По воскресеньям в нерабочее время он читал лекции для учащихся соседних школ.
— Завтра не буду читать, — сказал профессор. — А насчет отоспаться — это вряд ли…
— Это что ж получается, — сказал Митя, — какой же интерес без выходных работать? Человек и выпить должен, и в кино сходить, и с женой погулять.
— Должен, Митя… Только вот, когда работа не задается, сидишь ты в кино, ленту смотришь, а сам о своей работе думаешь. И никакого удовольствия.
Митя покачал головой:
— Это у вас-то не задается?.. Это сейчас?
— Да нет… всю жизнь. Это уже наука такая или, может, я такой. Что-нибудь да не задается.
— Чудно́ получается, — сказал Митя и повернул машину.
— А насчет выпить — это я всегда пожалуйста. Был бы коньячок.
— Найдем, — улыбнулся Митя. — В крайнем случае в Мары слетаем.
Он посмотрел на профессора в узкое зеркальце. Митя меньше других соприкасался с профессором на работе, когда профессор был подтянут, быстр, повелителен. И чаще других наблюдал его усталым, долго, судорожно зевающим, раскинувшим большое, рыхлеющее тело на заднем сиденье.
Сейчас профессор сидел закрыв глаза.
— Может, окошко открыть? — сказал Митя.
— Не надо… Там пыль, — не открывая глаз, сказал профессор. Сегодня ему было хуже, чем обычно.
— Вот Султан показался, — сказал Митя.
Профессор открыл глаза. В слегка гребнистом от ям и все-таки бесконечно плоском пространстве тихо, тускло мерцал седоватый купол, похожий издали на огромную каску. Профессор ожил, попросил остановить машину и пошел к мавзолею. Он шел довольно быстро, сильно размахивая руками. Он забыл про головную боль, про головокружение и зло нацелился обострившимися глазами на мавзолей, ища плохо пригнанные швы, оттенки чужеродного материала, торопливые следы ненавистных ему ашхабадских халтурщиков. Мавзолей все вырастал навстречу профессору, и вершина его переставала быть мрачной каской, а становилась постепенно грандиозным куполом, мощно и мягко прорисованным в высоком темнеющем азиатском небе. И вдруг, уже совсем близко от мавзолея, профессор резко застопорил свой быстрый и гневный шаг.

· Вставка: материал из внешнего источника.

(* Let $n\geq 1$ be an integer, let $R$ be a commutative ring, let $\iota:\mu_n\to R^\times$ be an injective group homomorphism (extended by $\iota(0)=0$), and let $X\in R$ be an $\mathbb{S}[\mu_{n,+}]$-generator of $R$ with respect to $\iota$. Let $m$ be a positive integer. Then the class of $Y$ in the $R$-algebra $R[Y]/(Y^m-X)$ is an $\mathbb{S}[\mu_{n,+}]$-generator of $R[Y]/(Y^m-X)$, with respect to the composite of $\iota$ with the canonical map $R\to R[Y]/(Y^m-X)$.
   Context: $\mu_n$ denotes the multiplicative group of $n$-th roots of unity and $\mu_{n,+}=\mu_n\cup\{0\}$. Given a ring $A$ and an injective group homomorphism $\iota:\mu_n\to A^\times$ (with $\iota(0):=0$), an element $X\in A$ is called an $\mathbb{S}[\mu_{n,+}]$-generator of $A$ if every $z\in A$ can be written uniquely as a finite sum $z=\sum_{j\ge 0}\iota(\alpha_j)X^j$ with coefficients $\alpha_j\in\mu_n\cup\{0\}$, only finitely many nonzero. *)

From HB Require Import structures.
From mathcomp Require Import all_boot all_order all_algebra all_field.
Set Implicit Arguments. Unset Strict Implicit. Unset Printing Implicit Defensive.
Import GRing.Theory.
Local Open Scope ring_scope.

Definition mu (n : nat) : pred algC := fun z => z ^+ n == 1.
Definition mu_plus (n : nat) : pred algC := fun z => (z == 0) || (z ^+ n == 1).

Definition inj_mu_hom (A : nzRingType) (n : nat) (iota : algC -> A) : Prop :=
  [/\ {in mu n &, {morph iota : x y / x * y}},
      {in mu n, forall x, exists y, y * iota x = 1 /\ iota x * y = 1} &
      {in mu n &, injective iota}].

Definition iota_plus (A : nzRingType) (iota : algC -> A) (z : algC) : A :=
  if z == 0 then 0 else iota z.

Definition is_Smu_generator (A : nzRingType) (n : nat) (iota : algC -> A) (X : A) : Prop :=
  (forall z : A, exists (alpha : nat -> algC) (N : nat),
      [/\ (forall j, mu_plus n (alpha j)),
          (forall j, (N <= j)%N -> alpha j = 0) &
          z = \sum_(j < N) iota_plus iota (alpha j) * X ^+ j])
  /\
  (forall (alpha beta : nat -> algC) (N : nat),
      (forall j, mu_plus n (alpha j)) -> (forall j, mu_plus n (beta j)) ->
      (forall j, (N <= j)%N -> alpha j = 0) -> (forall j, (N <= j)%N -> beta j = 0) ->
      \sum_(j < N) iota_plus iota (alpha j) * X ^+ j =
      \sum_(j < N) iota_plus iota (beta j) * X ^+ j ->
      forall j, alpha j = beta j).

From HB Require Import structures.
From mathcomp Require Import all_boot all_order all_algebra all_field.
Import GRing.Theory.
Local Open Scope ring_scope.

(* In Q := R[Y]/(Y^m - X) the powers 1, Y, ..., Y^(m-1) form an R-basis and
   Y^(m j + k) = X^j Y^k.  Hence the k-th coordinate of a digit expansion
   sum_i iota(a_i) Y^i is the digit expansion sum_j iota(a_(m j + k)) X^j in R.
   Existence in Q follows by interleaving expansions of the m coordinates,
   uniqueness by applying uniqueness in R to each residue class modulo m. *)

Lemma big_ord_widen_idx {R : Type} {idx : R} (op : Monoid.law idx)
    (F : nat -> R) n1 n2 :
  (n1 <= n2)%N -> (forall i, (n1 <= i)%N -> F i = idx) ->
  \big[op/idx]_(i < n2) F i = \big[op/idx]_(i < n1) F i.
Proof.
move=> le_n12 F_idx; rewrite (big_ord_widen _ _ le_n12) [RHS]big_mkcond.
by apply: eq_bigr => i _; case: ltnP => // /F_idx.
Qed.

Lemma big_ord_mul_split {R : Type} {idx : R} (op : Monoid.law idx)
    (F : nat -> R) m n :
  \big[op/idx]_(i < m * n) F i =
  \big[op/idx]_(j < n) \big[op/idx]_(k < m) F (m * j + k)%N.
Proof.
elim: n => [|n IHn]; first by rewrite muln0 !big_ord0.
by rewrite big_ord_recr /= -IHn mulnSr big_split_ord.
Qed.

Lemma qpolyC_in_qpoly {R : comNzRingType} (h : {poly R}) (a : R) :
  qpolyC h a = in_qpoly h a%:P.
Proof.
apply: val_inj; symmetry; apply: in_qpoly_small.
exact: leq_ltn_trans (size_polyC_leq1 a) (size_mk_monic_gt1 h).
Qed.

Definition Smu_sum {A : nzRingType} (iota : algC -> A) (X : A)
    (alpha : nat -> algC) (N : nat) : A :=
  \sum_(j < N) iota_plus iota (alpha j) * X ^+ j.

Definition Smu_spanning {A : nzRingType} (n : nat) (iota : algC -> A) (X : A) :=
  forall z : A, exists (alpha : nat -> algC) (N : nat),
    [/\ forall j, mu_plus n (alpha j), forall j, (N <= j)%N -> alpha j = 0
      & z = Smu_sum iota X alpha N].

Definition Smu_unique {A : nzRingType} (n : nat) (iota : algC -> A) (X : A) :=
  forall (alpha beta : nat -> algC) (N : nat),
    (forall j, mu_plus n (alpha j)) -> (forall j, mu_plus n (beta j)) ->
    (forall j, (N <= j)%N -> alpha j = 0) -> (forall j, (N <= j)%N -> beta j = 0) ->
    Smu_sum iota X alpha N = Smu_sum iota X beta N -> forall j, alpha j = beta j.

Lemma iota_plus_rmorph {A B : nzRingType} (f : {rmorphism A -> B})
    (iota : algC -> A) (a : algC) :
  iota_plus (fun z => f (iota z)) a = f (iota_plus iota a).
Proof. by rewrite /iota_plus; case: ifP; rewrite ?rmorph0. Qed.

Lemma Smu_sum_widen {A : nzRingType} (iota : algC -> A) (X : A)
    (alpha : nat -> algC) N1 N2 :
  (N1 <= N2)%N -> (forall j, (N1 <= j)%N -> alpha j = 0) ->
  Smu_sum iota X alpha N2 = Smu_sum iota X alpha N1.
Proof.
move=> le_N12 alpha0.
apply: (big_ord_widen_idx _ (fun j => iota_plus iota (alpha j) * X ^+ j)) => // j.
by move/alpha0 ->; rewrite /iota_plus eqxx mul0r.
Qed.

Section AdjoinRoot.

Variables (R : comNzRingType) (X : R) (m : nat).
Hypothesis m_gt0 : (0 < m)%N.

Local Notation h := ('X^m - X%:P).
Local Notation Q := {poly %/ h}.
Local Notation qY := (in_qpoly h 'X).

Lemma mk_monic_XnsubC : mk_monic h = h.
Proof. by rewrite /mk_monic size_XnsubC // monicXnsubC // ltnS m_gt0. Qed.

Lemma size_qpoly_XnsubC (z : Q) : (size (val z) <= m)%N.
Proof.
have size_h : size (mk_monic h) = m.+1 by rewrite mk_monic_XnsubC size_XnsubC.
by rewrite -ltnS -size_h size_mk_monic.
Qed.

Lemma qpoly_XnsubC_eq_coef (z1 z2 : Q) :
  (forall k, (k < m)%N -> (val z1)`_k = (val z2)`_k) -> z1 = z2.
Proof.
move=> eq_coef; apply/val_inj/polyP => k.
case: (ltnP k m) => [/eq_coef // | le_mk].
by rewrite !nth_default // (leq_trans (size_qpoly_XnsubC _) le_mk).
Qed.

Lemma qY_expn_XnsubC : qY ^+ m = qpolyC h X.
Proof.
have in_qpoly_h : in_qpoly h h = 0.
  by apply: val_inj; rewrite /= mk_monic_XnsubC Pdiv.RingMonic.rmodpp ?monicXnsubC.
apply/eqP; rewrite -subr_eq0 -in_qpoly_h.
by rewrite -rmorphXn qpolyC_in_qpoly -rmorphB.
Qed.

Lemma qY_expn i : qY ^+ i = qpolyC h (X ^+ (i %/ m)) * qY ^+ (i %% m).
Proof. by rewrite {1}(divn_eq i m) exprD mulnC exprM qY_expn_XnsubC rmorphXn. Qed.

Lemma val_qpoly_sum_small (d : nat -> R) :
  val (\sum_(k < m) qpolyC h (d k) * qY ^+ k) = \poly_(k < m) d k.
Proof.
have -> : \sum_(k < m) qpolyC h (d k) * qY ^+ k = in_qpoly h (\poly_(k < m) d k).
  rewrite poly_def rmorph_sum; apply: eq_bigr => k _.
  by rewrite qpolyC_in_qpoly -rmorphXn -rmorphM mul_polyC.
by apply: in_qpoly_small; rewrite mk_monic_XnsubC size_XnsubC // ltnS size_poly.
Qed.

Lemma qpoly_sum_regroup (c : nat -> R) M :
  \sum_(i < m * M) qpolyC h (c i) * qY ^+ i =
  \sum_(k < m) qpolyC h (\sum_(j < M) c (m * j + k)%N * X ^+ j) * qY ^+ k.
Proof.
rewrite (big_ord_mul_split _ (fun i => qpolyC h (c i) * qY ^+ i)) exchange_big /=.
apply: eq_bigr => k _; rewrite rmorph_sum mulr_suml; apply: eq_bigr => j _.
have [mod_k div_k] : ((m * j + k) %% m = k /\ (m * j + k) %/ m = j)%N.
  by rewrite mulnC modnMDl modn_small // divnMDl // divn_small // addn0.
by rewrite qY_expn mod_k div_k mulrA -rmorphM.
Qed.

Lemma coef_qpoly_sum (c : nat -> R) M k : (k < m)%N ->
  (val (\sum_(i < m * M) qpolyC h (c i) * qY ^+ i))`_k =
  \sum_(j < M) c (m * j + k)%N * X ^+ j.
Proof.
move=> lt_km; rewrite qpoly_sum_regroup.
rewrite (val_qpoly_sum_small (fun k => \sum_(j < M) c (m * j + k)%N * X ^+ j)).
by rewrite coef_poly lt_km.
Qed.

Variables (n : nat) (iota : algC -> R).

Local Notation iotaQ := (fun z => qpolyC h (iota z)).

Lemma coef_Smu_sum_qpoly (alpha : nat -> algC) M k : (k < m)%N ->
  (val (Smu_sum iotaQ qY alpha (m * M)))`_k =
  Smu_sum iota X (fun j => alpha (m * j + k)%N) M.
Proof.
move=> lt_km; rewrite /Smu_sum.
under eq_bigr do rewrite (iota_plus_rmorph (qpolyC h)).
exact: (coef_qpoly_sum (fun i => iota_plus iota (alpha i))).
Qed.

Lemma Smu_spanning_adjoin_root :
  Smu_spanning n iota X -> Smu_spanning n iotaQ qY.
Proof.
move=> span z.
have /fin_all_exists [P P_spec] : forall k : 'I_m, exists p : (nat -> algC) * nat,
    [/\ forall j, mu_plus n (p.1 j), forall j, (p.2 <= j)%N -> p.1 j = 0
      & (val z)`_k = Smu_sum iota X p.1 p.2].
  by move=> k; have [alpha [N]] := span (val z)`_k; exists (alpha, N).
pose M := (\max_(k < m) (P k).2)%N.
have P_vanish k j : (M <= j)%N -> (P k).1 j = 0.
  move=> le_Mj; have [_ vanish _] := P_spec k; apply: vanish.
  exact: leq_trans (@leq_bigmax _ (fun k : 'I_m => (P k).2) k) le_Mj.
pose mod_ord i : 'I_m := Ordinal (ltn_pmod i m_gt0).
have mod_ordK j (k : 'I_m) : mod_ord (m * j + k)%N = k.
  by apply: val_inj; rewrite /= mulnC modnMDl modn_small.
exists (fun i => (P (mod_ord i)).1 (i %/ m)%N), (m * M)%N; split.
- by move=> j; have [] := P_spec (mod_ord j).
- by move=> j le_mMj; apply: P_vanish; rewrite leq_divRL // mulnC.
apply: qpoly_XnsubC_eq_coef => k lt_km; rewrite coef_Smu_sum_qpoly //.
pose k' := Ordinal lt_km; have [_ vanish ->] := P_spec k'.
rewrite -(Smu_sum_widen iota X _ _ _ (@leq_bigmax _ (fun k : 'I_m => (P k).2) k') vanish).
apply: eq_bigr => j _; rewrite (mod_ordK j k') /=.
by rewrite mulnC divnMDl // divn_small // addn0.
Qed.

Lemma Smu_unique_adjoin_root :
  Smu_unique n iota X -> Smu_unique n iotaQ qY.
Proof.
move=> uniq alpha beta N mu_alpha mu_beta alpha0 beta0 eq_sum i.
have le_N_mN : (N <= m * N)%N by rewrite leq_pmull.
have {}eq_sum : Smu_sum iotaQ qY alpha (m * N) = Smu_sum iotaQ qY beta (m * N).
  by rewrite !(Smu_sum_widen _ _ _ _ _ le_N_mN).
have vanish_class (gamma : nat -> algC) k :
    (forall j, (N <= j)%N -> gamma j = 0) ->
    forall j, (N <= j)%N -> gamma (m * j + k)%N = 0.
  move=> gamma0 j le_Nj; apply/gamma0/(leq_trans le_Nj).
  exact: leq_trans (leq_pmull _ m_gt0) (leq_addr _ _).
have lt_im : (i %% m < m)%N by rewrite ltn_mod.
rewrite (divn_eq i m) mulnC.
apply: (uniq (fun j => alpha (m * j + i %% m)%N) (fun j => beta (m * j + i %% m)%N) N)
  => //.
- exact: vanish_class.
- exact: vanish_class.
- have := congr1 (fun z : Q => (val z)`_(i %% m)) eq_sum.
  by rewrite /= !coef_Smu_sum_qpoly.
Qed.

End AdjoinRoot.

Theorem proposition5p4 (n : nat) (R : comNzRingType) (iota : algC -> R) (X : R) (m : nat) :
  (0 < n)%N ->
  inj_mu_hom n iota ->
  is_Smu_generator n iota X ->
  (0 < m)%N ->
  is_Smu_generator n (fun z => qpolyC ('X^m - X%:P) (iota z))
                     (in_qpoly ('X^m - X%:P) 'X).
Proof.
move=> _ _ [span uniq] m_gt0; split.
- exact: Smu_spanning_adjoin_root.
- exact: Smu_unique_adjoin_root.
Qed.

Он удивленно поднял голову и застыл.
Там, над самым куполом, на огромной высоте, крошечная, как шахматная пешка, тревожно и странно маячила человеческая фигура.
«Что за чертовщина! — подумал профессор. — Нет, я совсем расклеился».
Он снял темные очки и еще раз, уже спокойно и пристально, посмотрел вверх.
Фигурка не исчезала. Он подозвал Митю и крикнул, показав рукой на купол:
— Видишь?!
— Вижу, — сказал Митя.
— Чертовщина какая-то.
— Почему чертовщина? — рассудительно проговорил Митя. — Обыкновенный человек. Мальчик.
Мальчика звали Халматов Каля. Был он высокий, тонкий в кости, темный лицом почти по-негритянски. По национальности он был узбек, хотя числился в документах туркменом.
Родители его погибли в землетрясение. Среди прочих осиротевших детей его отдали в детский дом для малолетних, и уж какая там национальность — многие из них и фамилию свою не знали. Только потом стало ясно, что он не туркмен — такие лица у гузов не бывают, такие раскосые, с глазами узкими, длинными, отставленными друг от друга далеко.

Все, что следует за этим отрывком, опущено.